Action item
Among the records that follow, find the line with "Definition du (lon" and the line with "[resid] is dominated". Set down those lines and all lines between them exactly, without adding anything.

-- Information provided follows --

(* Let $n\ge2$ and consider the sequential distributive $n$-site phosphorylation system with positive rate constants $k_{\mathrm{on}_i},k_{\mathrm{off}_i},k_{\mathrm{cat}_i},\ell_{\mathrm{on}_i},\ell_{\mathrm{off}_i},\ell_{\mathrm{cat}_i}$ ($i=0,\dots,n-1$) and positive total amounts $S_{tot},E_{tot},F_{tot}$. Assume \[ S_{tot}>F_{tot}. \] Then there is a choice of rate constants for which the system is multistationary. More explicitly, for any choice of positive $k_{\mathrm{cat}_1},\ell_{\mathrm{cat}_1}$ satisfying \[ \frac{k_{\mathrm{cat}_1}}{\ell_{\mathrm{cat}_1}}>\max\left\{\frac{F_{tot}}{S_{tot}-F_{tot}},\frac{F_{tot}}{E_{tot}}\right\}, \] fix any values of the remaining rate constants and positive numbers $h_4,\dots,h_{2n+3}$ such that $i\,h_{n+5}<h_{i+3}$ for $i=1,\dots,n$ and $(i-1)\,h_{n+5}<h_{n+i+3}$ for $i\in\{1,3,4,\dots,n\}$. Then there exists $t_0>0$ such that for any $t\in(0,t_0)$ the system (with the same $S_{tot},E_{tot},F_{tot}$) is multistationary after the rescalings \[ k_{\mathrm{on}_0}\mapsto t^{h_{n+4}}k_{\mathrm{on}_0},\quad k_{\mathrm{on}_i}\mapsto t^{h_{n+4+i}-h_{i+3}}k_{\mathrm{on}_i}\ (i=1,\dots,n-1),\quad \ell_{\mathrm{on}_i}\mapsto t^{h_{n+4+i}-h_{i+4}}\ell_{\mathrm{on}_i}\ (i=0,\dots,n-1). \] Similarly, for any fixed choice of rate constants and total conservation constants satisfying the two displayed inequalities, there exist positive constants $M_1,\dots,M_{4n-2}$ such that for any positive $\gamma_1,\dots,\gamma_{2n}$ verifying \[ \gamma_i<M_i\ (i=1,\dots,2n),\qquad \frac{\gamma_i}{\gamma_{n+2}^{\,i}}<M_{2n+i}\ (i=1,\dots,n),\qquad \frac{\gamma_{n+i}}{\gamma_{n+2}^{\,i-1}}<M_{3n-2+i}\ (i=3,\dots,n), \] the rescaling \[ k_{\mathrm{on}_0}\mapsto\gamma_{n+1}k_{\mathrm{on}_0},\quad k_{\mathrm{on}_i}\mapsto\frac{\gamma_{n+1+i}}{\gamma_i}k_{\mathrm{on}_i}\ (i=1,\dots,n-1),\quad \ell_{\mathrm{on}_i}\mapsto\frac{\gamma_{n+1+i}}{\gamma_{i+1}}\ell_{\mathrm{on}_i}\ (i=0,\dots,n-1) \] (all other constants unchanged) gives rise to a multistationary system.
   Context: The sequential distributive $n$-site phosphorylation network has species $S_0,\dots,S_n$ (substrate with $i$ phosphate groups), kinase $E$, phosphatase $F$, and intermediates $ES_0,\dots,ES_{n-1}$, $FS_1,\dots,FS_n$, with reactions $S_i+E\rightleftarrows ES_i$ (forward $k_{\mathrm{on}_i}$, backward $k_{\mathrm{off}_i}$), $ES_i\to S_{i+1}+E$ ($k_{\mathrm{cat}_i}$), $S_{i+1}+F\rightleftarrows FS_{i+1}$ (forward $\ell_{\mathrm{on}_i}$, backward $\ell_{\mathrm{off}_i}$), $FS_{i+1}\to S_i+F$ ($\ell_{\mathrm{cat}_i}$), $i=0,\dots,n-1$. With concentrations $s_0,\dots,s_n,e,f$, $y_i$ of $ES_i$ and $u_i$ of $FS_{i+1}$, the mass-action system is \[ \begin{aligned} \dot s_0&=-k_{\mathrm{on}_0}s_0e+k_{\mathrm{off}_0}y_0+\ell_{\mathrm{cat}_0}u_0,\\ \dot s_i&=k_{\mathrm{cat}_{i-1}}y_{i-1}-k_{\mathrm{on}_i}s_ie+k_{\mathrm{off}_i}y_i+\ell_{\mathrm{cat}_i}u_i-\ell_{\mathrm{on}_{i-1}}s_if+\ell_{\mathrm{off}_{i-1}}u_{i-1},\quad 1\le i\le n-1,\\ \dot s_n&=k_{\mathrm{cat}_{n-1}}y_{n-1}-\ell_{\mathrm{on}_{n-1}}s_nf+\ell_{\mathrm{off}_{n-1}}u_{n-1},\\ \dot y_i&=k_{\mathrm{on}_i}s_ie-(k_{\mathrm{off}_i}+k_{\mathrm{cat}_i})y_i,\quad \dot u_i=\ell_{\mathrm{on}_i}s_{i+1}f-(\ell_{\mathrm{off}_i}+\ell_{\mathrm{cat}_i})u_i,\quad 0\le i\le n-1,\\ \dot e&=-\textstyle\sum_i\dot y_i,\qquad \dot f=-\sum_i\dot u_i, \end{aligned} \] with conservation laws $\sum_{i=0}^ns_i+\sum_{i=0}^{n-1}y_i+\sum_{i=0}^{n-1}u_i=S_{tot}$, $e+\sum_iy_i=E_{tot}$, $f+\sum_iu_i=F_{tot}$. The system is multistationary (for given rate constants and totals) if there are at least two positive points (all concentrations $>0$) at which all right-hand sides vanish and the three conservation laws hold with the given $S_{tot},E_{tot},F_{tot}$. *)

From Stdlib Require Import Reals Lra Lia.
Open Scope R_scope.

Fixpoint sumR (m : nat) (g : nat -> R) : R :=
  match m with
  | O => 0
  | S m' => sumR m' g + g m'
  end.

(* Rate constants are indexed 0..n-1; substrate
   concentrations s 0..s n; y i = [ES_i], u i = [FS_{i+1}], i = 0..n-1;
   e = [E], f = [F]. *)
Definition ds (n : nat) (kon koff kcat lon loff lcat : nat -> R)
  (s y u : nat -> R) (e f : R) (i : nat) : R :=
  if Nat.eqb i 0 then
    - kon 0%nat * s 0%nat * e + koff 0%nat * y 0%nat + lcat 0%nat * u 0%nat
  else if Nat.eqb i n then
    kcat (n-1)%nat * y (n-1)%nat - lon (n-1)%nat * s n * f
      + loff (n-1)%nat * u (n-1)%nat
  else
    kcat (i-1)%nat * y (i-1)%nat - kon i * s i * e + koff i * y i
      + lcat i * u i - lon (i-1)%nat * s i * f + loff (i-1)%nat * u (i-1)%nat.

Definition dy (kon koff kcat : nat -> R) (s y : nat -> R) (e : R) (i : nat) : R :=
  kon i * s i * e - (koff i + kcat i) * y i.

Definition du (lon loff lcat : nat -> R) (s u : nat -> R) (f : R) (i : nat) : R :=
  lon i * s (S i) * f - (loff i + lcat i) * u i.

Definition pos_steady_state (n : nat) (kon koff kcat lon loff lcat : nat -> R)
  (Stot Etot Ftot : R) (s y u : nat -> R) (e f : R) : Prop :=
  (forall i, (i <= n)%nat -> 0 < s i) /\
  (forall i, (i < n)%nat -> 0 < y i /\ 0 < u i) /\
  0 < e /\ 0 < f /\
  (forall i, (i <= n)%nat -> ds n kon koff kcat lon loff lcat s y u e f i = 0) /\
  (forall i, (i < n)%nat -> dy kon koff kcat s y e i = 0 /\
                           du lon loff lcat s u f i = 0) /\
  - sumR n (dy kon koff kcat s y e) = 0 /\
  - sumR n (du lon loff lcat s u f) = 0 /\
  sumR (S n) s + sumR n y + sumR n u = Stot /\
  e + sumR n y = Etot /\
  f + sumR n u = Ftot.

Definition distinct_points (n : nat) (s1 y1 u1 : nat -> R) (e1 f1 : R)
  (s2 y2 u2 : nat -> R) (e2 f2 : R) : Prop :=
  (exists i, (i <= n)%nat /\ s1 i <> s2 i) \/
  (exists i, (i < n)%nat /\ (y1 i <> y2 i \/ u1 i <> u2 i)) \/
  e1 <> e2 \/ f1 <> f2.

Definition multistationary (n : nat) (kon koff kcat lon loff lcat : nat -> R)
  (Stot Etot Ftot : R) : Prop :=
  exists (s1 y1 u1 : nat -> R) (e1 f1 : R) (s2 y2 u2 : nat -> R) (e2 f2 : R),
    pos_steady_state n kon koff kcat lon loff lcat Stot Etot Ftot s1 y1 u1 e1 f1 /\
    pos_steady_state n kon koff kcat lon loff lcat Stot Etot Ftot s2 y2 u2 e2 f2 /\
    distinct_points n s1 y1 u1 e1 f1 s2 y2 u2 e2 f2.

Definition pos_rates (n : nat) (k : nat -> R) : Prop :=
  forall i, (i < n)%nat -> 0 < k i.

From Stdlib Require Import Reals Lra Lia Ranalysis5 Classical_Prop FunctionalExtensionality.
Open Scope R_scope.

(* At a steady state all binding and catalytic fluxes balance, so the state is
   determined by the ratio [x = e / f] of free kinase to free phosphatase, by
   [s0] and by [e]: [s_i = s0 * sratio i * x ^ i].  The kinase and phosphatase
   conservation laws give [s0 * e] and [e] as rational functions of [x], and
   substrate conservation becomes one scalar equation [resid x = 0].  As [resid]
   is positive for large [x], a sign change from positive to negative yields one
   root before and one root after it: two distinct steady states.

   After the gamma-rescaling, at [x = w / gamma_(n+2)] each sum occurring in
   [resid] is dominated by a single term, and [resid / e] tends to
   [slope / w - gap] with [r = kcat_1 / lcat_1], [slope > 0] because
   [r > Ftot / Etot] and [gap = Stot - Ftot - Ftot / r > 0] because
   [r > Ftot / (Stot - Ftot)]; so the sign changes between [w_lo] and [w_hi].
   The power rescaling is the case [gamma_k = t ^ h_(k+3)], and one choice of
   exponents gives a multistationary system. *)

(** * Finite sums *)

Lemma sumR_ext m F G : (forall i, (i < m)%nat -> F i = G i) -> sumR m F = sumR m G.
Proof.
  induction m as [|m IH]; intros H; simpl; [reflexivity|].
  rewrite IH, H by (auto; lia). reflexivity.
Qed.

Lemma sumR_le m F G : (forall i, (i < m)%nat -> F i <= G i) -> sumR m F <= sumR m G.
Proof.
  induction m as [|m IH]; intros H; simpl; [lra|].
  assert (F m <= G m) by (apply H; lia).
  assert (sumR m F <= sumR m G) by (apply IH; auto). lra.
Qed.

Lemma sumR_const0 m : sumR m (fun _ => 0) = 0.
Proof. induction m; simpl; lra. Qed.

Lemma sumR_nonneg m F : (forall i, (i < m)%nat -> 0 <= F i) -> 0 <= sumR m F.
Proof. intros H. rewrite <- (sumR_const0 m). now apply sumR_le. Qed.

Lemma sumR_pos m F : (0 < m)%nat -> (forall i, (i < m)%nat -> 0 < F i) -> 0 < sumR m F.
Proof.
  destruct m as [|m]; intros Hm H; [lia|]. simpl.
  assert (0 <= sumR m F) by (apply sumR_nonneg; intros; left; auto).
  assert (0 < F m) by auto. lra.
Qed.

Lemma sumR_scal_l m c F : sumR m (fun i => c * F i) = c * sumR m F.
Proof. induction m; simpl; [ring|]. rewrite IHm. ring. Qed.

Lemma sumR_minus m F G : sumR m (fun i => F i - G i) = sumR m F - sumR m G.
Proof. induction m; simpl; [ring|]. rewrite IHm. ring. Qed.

-- Information provided concluded --

Task answer
Definition du (lon loff lcat : nat -> R) (s u : nat -> R) (f : R) (i : nat) : R :=
  lon i * s (S i) * f - (loff i + lcat i) * u i.

Definition pos_steady_state (n : nat) (kon koff kcat lon loff lcat : nat -> R)
  (Stot Etot Ftot : R) (s y u : nat -> R) (e f : R) : Prop :=
  (forall i, (i <= n)%nat -> 0 < s i) /\
  (forall i, (i < n)%nat -> 0 < y i /\ 0 < u i) /\
  0 < e /\ 0 < f /\
  (forall i, (i <= n)%nat -> ds n kon koff kcat lon loff lcat s y u e f i = 0) /\
  (forall i, (i < n)%nat -> dy kon koff kcat s y e i = 0 /\
                           du lon loff lcat s u f i = 0) /\
  - sumR n (dy kon koff kcat s y e) = 0 /\
  - sumR n (du lon loff lcat s u f) = 0 /\
  sumR (S n) s + sumR n y + sumR n u = Stot /\
  e + sumR n y = Etot /\
  f + sumR n u = Ftot.

Definition distinct_points (n : nat) (s1 y1 u1 : nat -> R) (e1 f1 : R)
  (s2 y2 u2 : nat -> R) (e2 f2 : R) : Prop :=
  (exists i, (i <= n)%nat /\ s1 i <> s2 i) \/
  (exists i, (i < n)%nat /\ (y1 i <> y2 i \/ u1 i <> u2 i)) \/
  e1 <> e2 \/ f1 <> f2.

Definition multistationary (n : nat) (kon koff kcat lon loff lcat : nat -> R)
  (Stot Etot Ftot : R) : Prop :=
  exists (s1 y1 u1 : nat -> R) (e1 f1 : R) (s2 y2 u2 : nat -> R) (e2 f2 : R),
    pos_steady_state n kon koff kcat lon loff lcat Stot Etot Ftot s1 y1 u1 e1 f1 /\
    pos_steady_state n kon koff kcat lon loff lcat Stot Etot Ftot s2 y2 u2 e2 f2 /\
    distinct_points n s1 y1 u1 e1 f1 s2 y2 u2 e2 f2.

Definition pos_rates (n : nat) (k : nat -> R) : Prop :=
  forall i, (i < n)%nat -> 0 < k i.

From Stdlib Require Import Reals Lra Lia Ranalysis5 Classical_Prop FunctionalExtensionality.
Open Scope R_scope.

(* At a steady state all binding and catalytic fluxes balance, so the state is
   determined by the ratio [x = e / f] of free kinase to free phosphatase, by
   [s0] and by [e]: [s_i = s0 * sratio i * x ^ i].  The kinase and phosphatase
   conservation laws give [s0 * e] and [e] as rational functions of [x], and
   substrate conservation becomes one scalar equation [resid x = 0].  As [resid]
   is positive for large [x], a sign change from positive to negative yields one
   root before and one root after it: two distinct steady states.

   After the gamma-rescaling, at [x = w / gamma_(n+2)] each sum occurring in
   [resid] is dominated by a single term, and [resid / e] tends to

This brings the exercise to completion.